- What you will do
If a line in the listing contains "Implicit", copy it out whole.

+ + +

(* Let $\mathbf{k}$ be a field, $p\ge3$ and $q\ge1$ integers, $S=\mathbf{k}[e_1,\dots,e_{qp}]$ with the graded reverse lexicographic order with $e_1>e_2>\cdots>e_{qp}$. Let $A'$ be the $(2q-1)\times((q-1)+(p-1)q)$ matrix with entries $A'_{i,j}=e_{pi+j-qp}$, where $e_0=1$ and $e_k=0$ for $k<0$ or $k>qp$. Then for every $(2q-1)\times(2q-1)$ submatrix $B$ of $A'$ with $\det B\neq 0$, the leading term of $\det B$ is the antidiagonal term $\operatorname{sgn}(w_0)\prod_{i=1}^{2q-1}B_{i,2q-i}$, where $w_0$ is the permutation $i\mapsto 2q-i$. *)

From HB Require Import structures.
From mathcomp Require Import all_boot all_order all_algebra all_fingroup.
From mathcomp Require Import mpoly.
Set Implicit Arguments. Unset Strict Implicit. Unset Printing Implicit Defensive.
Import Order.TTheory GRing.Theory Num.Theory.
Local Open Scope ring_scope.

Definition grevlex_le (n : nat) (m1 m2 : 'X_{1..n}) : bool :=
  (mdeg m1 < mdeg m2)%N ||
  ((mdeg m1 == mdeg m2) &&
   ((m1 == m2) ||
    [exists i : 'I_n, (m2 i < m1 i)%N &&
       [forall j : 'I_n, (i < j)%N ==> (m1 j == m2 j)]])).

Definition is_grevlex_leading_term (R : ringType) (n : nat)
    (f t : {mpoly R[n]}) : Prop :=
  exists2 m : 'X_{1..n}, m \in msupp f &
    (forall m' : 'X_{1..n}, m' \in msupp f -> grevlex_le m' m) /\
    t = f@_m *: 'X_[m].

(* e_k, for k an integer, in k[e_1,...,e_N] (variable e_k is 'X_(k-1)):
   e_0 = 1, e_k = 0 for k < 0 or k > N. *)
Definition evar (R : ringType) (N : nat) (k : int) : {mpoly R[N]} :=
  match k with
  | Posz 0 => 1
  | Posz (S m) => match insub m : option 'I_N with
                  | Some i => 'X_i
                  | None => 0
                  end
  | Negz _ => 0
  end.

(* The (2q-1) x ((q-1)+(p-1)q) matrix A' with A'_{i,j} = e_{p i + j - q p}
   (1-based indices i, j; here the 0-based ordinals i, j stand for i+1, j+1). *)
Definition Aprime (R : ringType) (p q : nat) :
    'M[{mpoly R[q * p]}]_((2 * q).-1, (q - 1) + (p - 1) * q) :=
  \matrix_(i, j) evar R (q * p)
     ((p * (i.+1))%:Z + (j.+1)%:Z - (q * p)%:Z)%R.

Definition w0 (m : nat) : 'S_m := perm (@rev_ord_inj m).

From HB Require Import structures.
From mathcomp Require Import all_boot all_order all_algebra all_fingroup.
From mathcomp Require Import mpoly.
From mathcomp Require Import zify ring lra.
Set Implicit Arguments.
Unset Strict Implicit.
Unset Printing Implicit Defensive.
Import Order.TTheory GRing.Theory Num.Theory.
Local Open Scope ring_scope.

+ + +

- Answer to this exercise
Set Implicit Arguments. Unset Strict Implicit. Unset Printing Implicit Defensive.
Set Implicit Arguments.
Unset Strict Implicit.
Unset Printing Implicit Defensive.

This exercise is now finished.